Old Bird’s Eye View of the World – Mortality and the chance of a happy ending

“To be or not to be” is perhaps the most famous soliloquy about death, and – while its ruminations on whatever might lie beyond it and the linked pros and cons of suicide are from a young person’s perspective – it has some relevance to some of the big social questions facing older people in our times.

As we older people cross over the tipping point from having more than half our lives in front, to having them behind us, we come to realise that we are drawing ever nearer to the time when – for each of us, and whatever lies or doesn’t lie beyond – we will no longer be.

So, our questions start to be along the lines of how are we going to die, and do we want to have any control over that? For some, the answers are simple, and lie in life being sacred, and death being out of our control, and in a deity’s hands, and after which there is the promise of some sort of eternal after-life.

Even so, there might be preferences around end-of-life care, and choices for the immediate afterwards, regarding such options as cremation or burial, type of funeral, and dispersal of personal possessions and memorabilia. Such practical issues might, however, be only part of a more complex situation for those whose focus is on what might be sought as a good death in the here and now, rather than on prospects of some form of immortality.

In either case, as our mortal lives are visibly shortening, it becomes important to clarify our thinking about what we want, and to ensure that those who will be left behind understand and will – to the best of their ability – help us to achieve the sort of end that we wish for ourselves.

The big debate is on quality versus quantity of life. Individuals vary as to which they value most, but an individual preference for quality at the cost of quantity may not be an option within societies where we have conflicting views over how far we should be allowed to choreograph our own deaths. In one corner, there are those who fear that any such measures would lead to a slippery slope of murdering the elderly. In the other, there are those who plead that we wouldn’t let a dog endure such suffering. And currently, we have countries and states varying in whether or not to allow deliberate choices such as cessation of life-prolonging treatment, assisted dying, euthanasia, and rational suicide.

All of this is complicated by the fact that most of us do not make end-of-life choices in a vacuum. If we have people close to us, it is possible that we might feel that we don’t want to be a continuing burden to them, or – conversely – that we should hold on for longer than we’d like to for the sake of those who don’t want to lose us.

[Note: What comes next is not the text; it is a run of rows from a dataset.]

Definition objective (M : nat) (s t : nat -> R) : R :=
  rsum (fun i => - plogp (s i) + plogp (t i)) M.

Definition gval (M : nat) (alpha : R) : R :=
  let k := IZR (floorZ (1 / alpha)) in
  ln (IZR (Z.of_nat M - ceilZ (1 / alpha))) + alpha * k * ln alpha
  + plogp (1 - alpha * k).

From Stdlib Require Import Reals ZArith Lra Lia.
Open Scope R_scope.

(* The two terms are bounded separately.
   - t-side: every t_i/alpha lies in [0,1], and sum x log x over such numbers
     is at most (frac of their sum) log (frac of their sum), because x log x
     is superadditive and "wraps around" when a partial sum passes 1.  After
     rescaling this gives  sum t log t <= alpha k log alpha + r log r  with
     k = floor(1/alpha), r = 1 - alpha k.
   - s-side: t has at least ceil(1/alpha) positive entries (each is at most
     alpha), and s, t have disjoint supports, so s has at most M - ceil(1/alpha)
     positive entries; the entropy of s is then at most log(M - ceil(1/alpha)).
   Attainment.  s uniform on the last M - ceil(1/alpha) coordinates and t equal
   to alpha on the first k coordinates, r on the next one, 0 elsewhere. *)

(* The basic inequality log x <= x - 1, from exp y >= 1 + y. *)
Lemma ln_le_sub1 (x : R) : 0 < x -> ln x <= x - 1.
Proof.
  intros Hx. pose proof (exp_ineq1_le (ln x)) as Hexp.
  rewrite exp_ln in Hexp by exact Hx. lra.
Qed.

Lemma ln_le_mono (x y : R) : 0 < x -> x <= y -> ln x <= ln y.
Proof.
  intros Hx Hxy. destruct (Req_dec x y) as [->|Hne]; [lra|].
  left. apply ln_increasing; lra.
Qed.

Lemma le_inv_mul (alpha y : R) : 0 < alpha -> y <= 1 / alpha -> alpha * y <= 1.
Proof.
  intros Ha Hy. apply (Rmult_le_compat_l alpha) in Hy; [|lra].
  replace (alpha * (1 / alpha)) with 1 in Hy by (field; lra). exact Hy.
Qed.
Lemma sum_perm_value (F : cell -> nat) (j : cell) :
  n.+1 * \sum_(pi : 'S_n.+1) F (pi j) = n.+1`! * \sum_k F k.
Proof.
pose fiber k := \sum_(pi : 'S_n.+1) (pi j == k).
have fiberE k : fiber k = fiber j.
  rewrite /fiber (reindex_inj (mulIg (tperm j k))); apply: eq_bigr => pi _.
  by rewrite permM -[X in _ == X](tpermL j k) (inj_eq perm_inj).
have sum_fiber (G : cell -> nat) (pi : 'S_n.+1) : \sum_k (pi j == k) * G k = G (pi j).
  rewrite (bigD1 (pi j)) //= eqxx mul1n big1 ?addn0 // => k neq_k.
  by rewrite eq_sym (negbTE neq_k).
have card_fiber : n.+1 * fiber j = n.+1`!.
  transitivity (\sum_(k : cell) fiber k).
    by rewrite (eq_bigr _ (fun k _ => fiberE k)) sum_nat_const card_ord.
  rewrite /fiber exchange_big /= -card_Sn -sum1_card; apply: eq_bigr => pi _.
  by rewrite -(sum_fiber (fun=> 1) pi); apply: eq_bigr => k _; rewrite muln1.
rewrite (eq_bigr (fun pi : 'S_n.+1 => \sum_k (pi j == k) * F k)); last first.
  by move=> pi _; rewrite sum_fiber.
rewrite exchange_big /=.
under eq_bigr do rewrite -big_distrl /= -/(fiber _) fiberE.
by rewrite -big_distrr /= mulnA card_fiber.
Qed.

Lemma sum_displacement_init :
  3 * \sum_(pi : 'S_n.+1) displacement (init_state pi) ord0 = n.+1`! * (n * n.+2).
Proof.
apply/eqP; rewrite -(eqn_pmul2l (ltn0Sn n)); apply/eqP.
rewrite mulnCA /displacement /=.
under eq_bigr do rewrite addn0.
rewrite exchange_big big_distrr /=.
under eq_bigr do rewrite sum_perm_value.
rewrite -big_distrr /= mulnCA [RHS]mulnCA; congr (_ * _).
have := sum_absdiff_ord n.+1; rewrite /dist.
by set S := \sum_(j < n.+1) _; nia.
Qed.

Lemma sum_displacement_le_Dstar :
  \sum_(pi : 'S_n.+1) displacement (init_state pi) ord0 <= \sum_(pi : 'S_n.+1) Dstar pi.
Proof. by apply: leq_sum => pi _; case/andP: (Dstar_bounds pi). Qed.

Lemma sum_Dstar_gt0 : 0 < n -> 0 < \sum_(pi : 'S_n.+1) Dstar pi.
Proof.
move=> n_gt0; apply: leq_trans sum_displacement_le_Dstar.
by have := sum_displacement_init; have := fact_gt0 n.+1; nia.
Qed.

So, it is important that we clarify our thinking about what we would like, and to have conversations about this with those who are likely to be there for us in our latter days. As one resource on to how to initiate such conversations, there is a useful Conversation Starter Kit (http://theconversationproject.org/starter-kit/intro/), that is ‘dedicated to helping people talk about their wishes for end-of-life care’, and which was developed in America by The Conversation Project. It is, however, focussed on visualising types and levels of care during a terminal illness.

There is value, therefore, in extending such a conversation to cover practical issues such as what happens to the body and the possessions after death. And in not resiling from confronting the tough issues surrounding voluntary euthanasia. This, in the BBC’s Ethics site, is defined as encompassing the situation of the person who wants to die and says so, and includes cases of:

  • asking for help with dying;
  • refusing burdensome medical treatment;
  • asking for medical treatment to be stopped, or life support machines to be switched off,
  • refusing to eat;
  • simply deciding to die.

Discussions around this and other end-of-life issues can be fraught, and the introduction to the Conversation Starter Kit recognises this. As it points out, ‘having the conversation may reveal that you and your loved ones disagree. That’s okay. It’s important to simply know this, and to continue talking about it now – not during a medical crisis. [And] having the conversation isn’t just a one-time thing. It’s the first in a series of conversations over time.’

And, as is summed up in its conclusion, ‘don’t judge. A “good” death means different things to different people. Nothing is set in stone. You and your loved ones can always change your minds as circumstances shift.’ And, most importantly, ‘every attempt at the conversation is valuable.’

So, don’t put off taking the first steps. At our age, later may be too late.